Kind of, almost. It could be that we (implicitly) choose to have problems for ourselves.

Comment author: [deleted] 08 February 2013 04:45:30AM 1 point [-]

It could be that we (implicitly) choose to have problems for ourselves.

In case it's not clear. This means the FAI causing problems for us on our behalf, not literally making a choice we are aware of.

Comment author: wedrifid 08 February 2013 04:52:20AM 0 points [-]

In case it's not clear. This means the FAI causing problems for us on our behalf, not literally making a choice we are aware of.

(Or 'choosing not to intervene to solve all problems'. The difference matters to some, even if it is somewhat arbitrary.)

Comment author: Rukifellth 07 February 2013 11:49:10PM 0 points [-]

Are you saying that an AGI would distribute relevant information to the public, compelling them to make sound political choices?

Comment author: Desrtopa 08 February 2013 02:41:32AM 0 points [-]

That doesn't sound very likely to me for either a friendly or an unfriendly AI. Letting people feel disenfranchised might be bad Fun Theory, but it would take a lot more than distribution of relevant information to get ordinary, biased humans to stop fucking up our own society.
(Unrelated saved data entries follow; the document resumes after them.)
Lemma Z_least_above (P : Z -> Prop) lo y : (lo <= y)%Z -> P y ->
  exists m, (lo <= m)%Z /\ P m /\ forall z, (lo <= z < m)%Z -> ~ P z.
Proof.
  intros Hy. assert (Hd : (y <= lo + Z.of_nat (Z.to_nat (y - lo)))%Z) by lia.
  revert Hd; generalize (Z.to_nat (y - lo)) as d; intros d Hd.
  revert y Hy Hd; induction d as [| d IH]; intros y Hy Hd Py.
  - exists y; repeat split; auto; lia.
  - destruct (classic (exists z, (lo <= z <= lo + Z.of_nat d)%Z /\ P z))
      as [[z [Hz Pz]] | Hnone].
    + apply (IH z); auto; lia.
    + exists y; repeat split; auto.
      intros z Hz Pz; apply Hnone; exists z; split; auto; lia.
Qed.

Lemma Hadj_horizontal g r0 T j n : Vb g r0 T j n ->
  Hadj g r0 T (j, n) ((j + 1)%Z, n) /\ Hadj g r0 T ((j + 1)%Z, n) (j, n).
Proof. intros HV; split; [left | right]; simpl; right; right; right; auto. Qed.

Lemma Hadj_up g r0 T j k n :
  Ub g r0 T j n \/ Vb g r0 T j n \/ Vb g r0 T (j - 1) n ->
  (j - 1 <= k <= j + 1)%Z -> Hadj g r0 T (j, n) (k, S n).
Proof.
  intros Hj Hk; left; simpl.
  assert (Hk' : (k = j - 1 \/ k = j \/ k = j + 1)%Z) by lia.
  destruct Hj as [HU | [HV | HV]]; [left | right; left | right; right; left]; auto.
Qed.

Section Blocks.

Variables (g : GC) (r0 : nat) (T : R).
Hypothesis r0_pos : (0 < r0)%nat.

Local Open Scope Z_scope.

Local Notation r := (Z.of_nat r0).
Local Notation B := (inB g r0 T).
Local Notation eleft := (eleft g r0 T).
Local Notation nclosed := (nclosed g T).
Local Notation Vb := (Vb g r0 T).

Lemma eleft_exists k n : exists x, eleft k n x.
Proof.
  destruct (classic (exists y, between (k * r) ((k + 1) * r) y /\ nclosed n y))
    as [[y [Hy Cy]] | Hnone].
  - destruct (Z_least_above
                (fun y => between (k * r) ((k + 1) * r) y /\ nclosed n y) (k * r) y)
      as [m [Hm [[Bm Cm] Hmin]]]; [unfold between in Hy; lia | auto |].
    exists m; left; split; [exact Bm | split; [exact Cm |]].
    intros z Bz Hzm Cz; apply (Hmin z); [unfold between in Bz; lia | auto].
  - exists ((k + 1) * r - 1); right; split; [| reflexivity].
    intros y By Cy; apply Hnone; eauto.
Qed.

Lemma eleft_bounds k n x : eleft k n x -> k * r <= x /\ x + 1 <= (k + 1) * r.
Proof. intros [[Hx _] | [_ ->]]; unfold between in *; lia. Qed.

Lemma inB_bounds k n x : B k n x -> (k - 1) * r + 1 <= x <= (k + 1) * r - 1.
Proof.
  intros [a [b [Ha [Hb Hx]]]].
  apply eleft_bounds in Ha; apply eleft_bounds in Hb; lia.
Qed.

Lemma inB_near k j n m x : B k n x -> B j m x -> j - 1 <= k <= j + 1.
Proof.
  intros Hk Hj; apply inB_bounds in Hk; apply inB_bounds in Hj.
  split; apply Z.lt_pred_le, (Z.mul_lt_mono_pos_r r); lia.
Qed.

Lemma inB_cover n x : exists k, B k n x.
Proof.
  set (k := x / r).
  assert (Hk : k * r <= x < (k + 1) * r).
  { pose proof (Z.mul_div_le x r ltac:(lia)).
    pose proof (Z.mod_pos_bound x r ltac:(lia)).
    pose proof (Z.div_mod x r ltac:(lia)). unfold k; lia. }
  destruct (eleft_exists (k - 1) n) as [a Ha].
  destruct (eleft_exists k n) as [b Hb].
  destruct (eleft_exists (k + 1) n) as [c Hc].
  pose proof (eleft_bounds _ _ _ Ha); pose proof (eleft_bounds _ _ _ Hb);
    pose proof (eleft_bounds _ _ _ Hc).
  destruct (Z_le_gt_dec x b).
  - exists k, a, b; repeat split; auto; lia.
  - exists (k + 1), b, c; rewrite Z.add_simpl_r; repeat split; auto; lia.
Qed.

(* An edge that is not n-closed can be the right boundary e_{j,n} of B_{j,n}
   only as the default choice, which forces V_{{j,j+1},n} = 1. *)
Lemma inB_cross_right j n x : B j n x -> ~ nclosed n x ->
  B j n (x + 1) \/ (Vb j n /\ B (j + 1) n (x + 1)).
Proof.
  intros [a [b [Ha [Hb Hx]]]] Hopen.
  destruct (Z.eq_dec x b) as [-> | Hxb].
  - right; destruct Hb as [[_ [Cb _]] | [HV Hb]]; [contradiction |].
    destruct (eleft_exists (j + 1) n) as [c Hc].
    pose proof (eleft_bounds _ _ _ Hc).
    split; [exact HV |].
    exists b, c; rewrite Z.add_simpl_r.
    split; [right; split; assumption | split; [exact Hc | lia]].
  - left; exists a, b; repeat split; auto; lia.
Qed.

Lemma inB_cross_left j n x : B j n (x + 1) -> ~ nclosed n x ->
  B j n x \/ (Vb (j - 1) n /\ B (j - 1) n x).
Proof.
  intros [a [b [Ha [Hb Hx]]]] Hopen.
  destruct (Z.eq_dec x a) as [-> | Hxa].
  - right; destruct Ha as [[_ [Ca _]] | [HV Ha]]; [contradiction |].
    destruct (eleft_exists (j - 1 - 1) n) as [c Hc].
    pose proof (eleft_bounds _ _ _ Hc).
    split; [exact HV |].
    exists c, a.
    split; [exact Hc | split; [right; split; assumption | nia]].
  - left; exists a, b; repeat split; auto; lia.
Qed.

End Blocks.

Section Tracking.

Variables (g : GC) (r0 : nat) (T : R).
Hypothesis r0_pos : (0 < r0)%nat.
Hypothesis T_pos : 0 < T.
Hypothesis no_infection_at_block_times : forall e m, ~ gc_I g e (INR m * T).

Local Notation B := (inB g r0 T).
Local Notation Hadj := (Hadj g r0 T).

(* H-reachability from Z_0 x {0} with nondecreasing levels, all vertices
   before the last at level <= m; Z_{m+1} is the set of k with (k, m+1)
   reachable with bound m. *)
Definition Hreach (m : nat) (p : Z * nat) : Prop :=
  exists (f : nat) (s : nat -> Z * nat),
    Z0set g r0 T (fst (s O)) /\ snd (s O) = O /\ s f = p /\
    forall i, (i < f)%nat ->
      Hadj (s i) (s (S i)) /\ (snd (s i) <= snd (s (S i)))%nat /\
      (snd (s i) <= m)%nat.

Lemma Hreach_step m q p : Hreach m q -> Hadj q p ->
  (snd q <= snd p)%nat -> (snd q <= m)%nat -> Hreach m p.
Proof.
  intros [f [s [Hs0 [Hlev0 [Hsf Hsteps]]]]] Hqp Hlev Hm.
  exists (S f), (fun i => if Nat.leb i f then s i else p); cbn beta.
  rewrite (proj2 (Nat.leb_le 0 f)) by lia.
  rewrite (proj2 (Nat.leb_gt (S f) f)) by lia.
  do 3 (split; auto).
  intros i Hi; rewrite (proj2 (Nat.leb_le i f)) by lia.
  destruct (Nat.leb (S i) f) eqn:Ei.
  - apply Nat.leb_le in Ei; apply Hsteps; lia.
  - apply Nat.leb_gt in Ei; assert (i = f) by lia; subst i; rewrite Hsf; auto.
Qed.

Lemma Hreach_of_Zset n k : Zset g r0 T n k -> Hreach n (k, n).
Proof.
  destruct n as [| n]; simpl.
  - intros Hk; exists O, (fun _ => (k, O)); repeat split; auto; lia.
  - intros [f [s [Hs0 [Hlev0 [Hsf Hsteps]]]]]; exists f, s; do 3 (split; auto).
    intros i Hi; destruct (Hsteps i Hi) as [? [? ?]]; repeat split; auto; lia.
Qed.

Lemma Zset_of_Hreach n j k : Hreach n (j, n) -> Hadj (j, n) (k, S n) ->
  Zset g r0 T (S n) k.
Proof.
  intros Hj Hjk.
  destruct (Hreach_step _ _ _ Hj Hjk ltac:(simpl; lia) ltac:(simpl; lia))
    as [f [s [Hs0 [Hlev0 [Hsf Hsteps]]]]].
  exists f, s; do 3 (split; auto).
  intros i Hi; destruct (Hsteps i Hi) as [? [? ?]]; repeat split; auto; lia.
Qed.

(* The state of a valid path at time t in [nT, (n+1)T]: it sits in a block j
   reachable at level n, and either that block has U_{j,n} = 1 witnessed by
   the path so far, or one of its two V's equals 1. *)
Definition tracked (n : nat) (z : Z) (t : R) : Prop :=
  exists j, B j n z /\ Hreach n (j, n) /\
    (Vb g r0 T j n \/ Vb g r0 T (j - 1) n \/
     exists y, vpath g (B j n) y (INR n * T) z t).

Lemma jump_not_nclosed n x t : gc_I g x t -> zeta g t x ->
  INR n * T <= t <= INR (S n) * T -> ~ nclosed g T n x.
Proof.
  intros Hinf Hopen Ht Hclosed.
  destruct (Rle_lt_or_eq_dec _ _ (proj2 Ht)) as [Hlt | Heq].
  - apply (Hclosed t); auto; lra.
  - subst t; eapply no_infection_at_block_times; eauto.
Qed.

Lemma tracked_vpath n A x s y t : vpath g A x s y t ->
  INR n * T <= s -> t <= INR (S n) * T -> tracked n x s -> tracked n y t.
Proof.
  induction 1 as [| x s0 t0 Ax Hst HR | x t0 Ax Ax1 Hinf Hopen | x t0 Ax Ax1 Hinf Hopen
                 | x s0 y t0 z u0 Hxy IHxy Hyz IHyz]; intros Hs Ht Hx; auto.
  - destruct Hx as [j [Bx [Hj [HV | [HV | [y Hy]]]]]];
      exists j; do 2 (split; auto); right; right.
    exists y; eapply vp_trans; [exact Hy | apply vp_stay; auto].
  - pose proof (jump_not_nclosed n x t0 Hinf Hopen ltac:(lra)) as Hnc.
    destruct Hx as [j [Bx [Hj Hd]]].
    destruct (inB_cross_right g r0 T r0_pos j n x Bx Hnc) as [Bx1 | [HV Bx1]].
    + exists j; do 2 (split; auto).
      destruct Hd as [HV | [HV | [y Hy]]]; auto; right; right.
      exists y; eapply vp_trans; [exact Hy | apply vp_right; auto].
    + exists (j + 1)%Z; split; [exact Bx1 | split].
      * apply (Hreach_step _ (j, n)); simpl; auto.
        apply (Hadj_horizontal g r0 T); exact HV.
      * right; left; rewrite Z.add_simpl_r; exact HV.
  - pose proof (jump_not_nclosed n x t0 Hinf Hopen ltac:(lra)) as Hnc.
    destruct Hx as [j [Bx1 [Hj Hd]]].
    destruct (inB_cross_left g r0 T r0_pos j n x Bx1 Hnc) as [Bx | [HV Bx]].
    + exists j; do 2 (split; auto).
      destruct Hd as [HV | [HV | [y Hy]]]; auto; right; right.
      exists y; eapply vp_trans; [exact Hy | apply vp_left; auto].
    + exists (j - 1)%Z; split; [exact Bx | split; [| left; exact HV]].
      apply (Hreach_step _ (j, n)); simpl; auto.
      pose proof (proj2 (Hadj_horizontal g r0 T _ n HV)) as Hadj_back.
      rewrite Z.sub_add in Hadj_back; exact Hadj_back.
  - pose proof (vpath_time_le _ _ _ _ _ _ Hxy).
    pose proof (vpath_time_le _ _ _ _ _ _ Hyz).
    apply IHyz; try lra; apply IHxy; auto; lra.
Qed.

Lemma Zset_of_eta n k x : B k n x -> eta g (INR n * T) x -> Zset g r0 T n k.
Proof.
  revert k x; induction n as [| n IH]; intros k x Bx [x0 [Hx0 Hpath]].
  - simpl; exists x; split; auto.
    replace x with x0; auto.
    eapply vpath_instant_eq; [exact Hpath | simpl; ring |].
    intros e He; apply (no_infection_at_block_times e 0); simpl.
    rewrite Rmult_0_l; exact He.
  - assert (Hlevels : 0 <= INR n * T <= INR (S n) * T).
    { rewrite S_INR; pose proof (pos_INR n); nra. }
    destruct (vpath_split _ _ _ _ _ _ Hpath _ Hlevels) as [z [Hx0z Hzx]].
    destruct (inB_cover g r0 T r0_pos n z) as [j Bz].
    assert (Hz : tracked n z (INR n * T)).
    { exists j; split; [exact Bz | split].
      - apply Hreach_of_Zset, (IH j z Bz); exists x0; auto.
      - right; right; exists z; apply vp_refl; exact Bz. }
    destruct (tracked_vpath _ _ _ _ _ _ Hzx (Rle_refl _) (Rle_refl _) Hz)
      as [j' [Bx' [Hj' Hd]]].
    apply (Zset_of_Hreach n j'); auto.
    apply (Hadj_up g r0 T j' k n); [| exact (inB_near g r0 T r0_pos _ _ _ _ _ Bx Bx')].
    destruct Hd as [HV | [HV | [y Hy]]]; auto.
    left; exists y, x; exact Hy.
Qed.

End Tracking.

Theorem proposition3 (g : GC) (r0 : nat) (T : R) :
  (0 < r0)%nat -> 0 < T ->
  (* eta_0 is finite *)
  (exists l : list Z, forall x, gc_eta0 g x -> In x l) ->
  (* almost-sure regularity of the realization: no infection mark at a time mT *)
  (forall (e : Z) (m : nat), ~ gc_I g e (INR m * T)) ->
  (forall (k : Z) (n : nat) (x : Z),
      inB g r0 T k n x -> eta g (INR n * T) x -> Zset g r0 T n k)
  /\
  (forall n : nat, (forall k, ~ Zset g r0 T n k) ->
      forall x, ~ eta g (INR n * T) x).
Proof.
  intros r0_pos T_pos _ HI; split.
  - intros k n x; apply Zset_of_eta; auto.
  - intros n Hempty x Hx.
    destruct (inB_cover g r0 T r0_pos n x) as [k Bx].
    apply (Hempty k); eapply Zset_of_eta; eauto.
Qed.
As a general rule, I'd say that if a plan sounds unlikely to effectively fix our problems, an FAI is probably not going to do that.

Comment author: ikrase 08 February 2013 11:17:08AM 1 point [-]

I thought he was saying that once you have a Super AI, you don't have to deal with politics.

Comment author: Desrtopa 08 February 2013 02:35:48PM 0 points [-]

That doesn't sound like something I'd infer from his previous comment

We've got to deal with politics eventually. The whole world isn't going to listen to the Singularity Institute just because they've got a Friendly AI, and it's not like those cognitive biases will disappear by that time.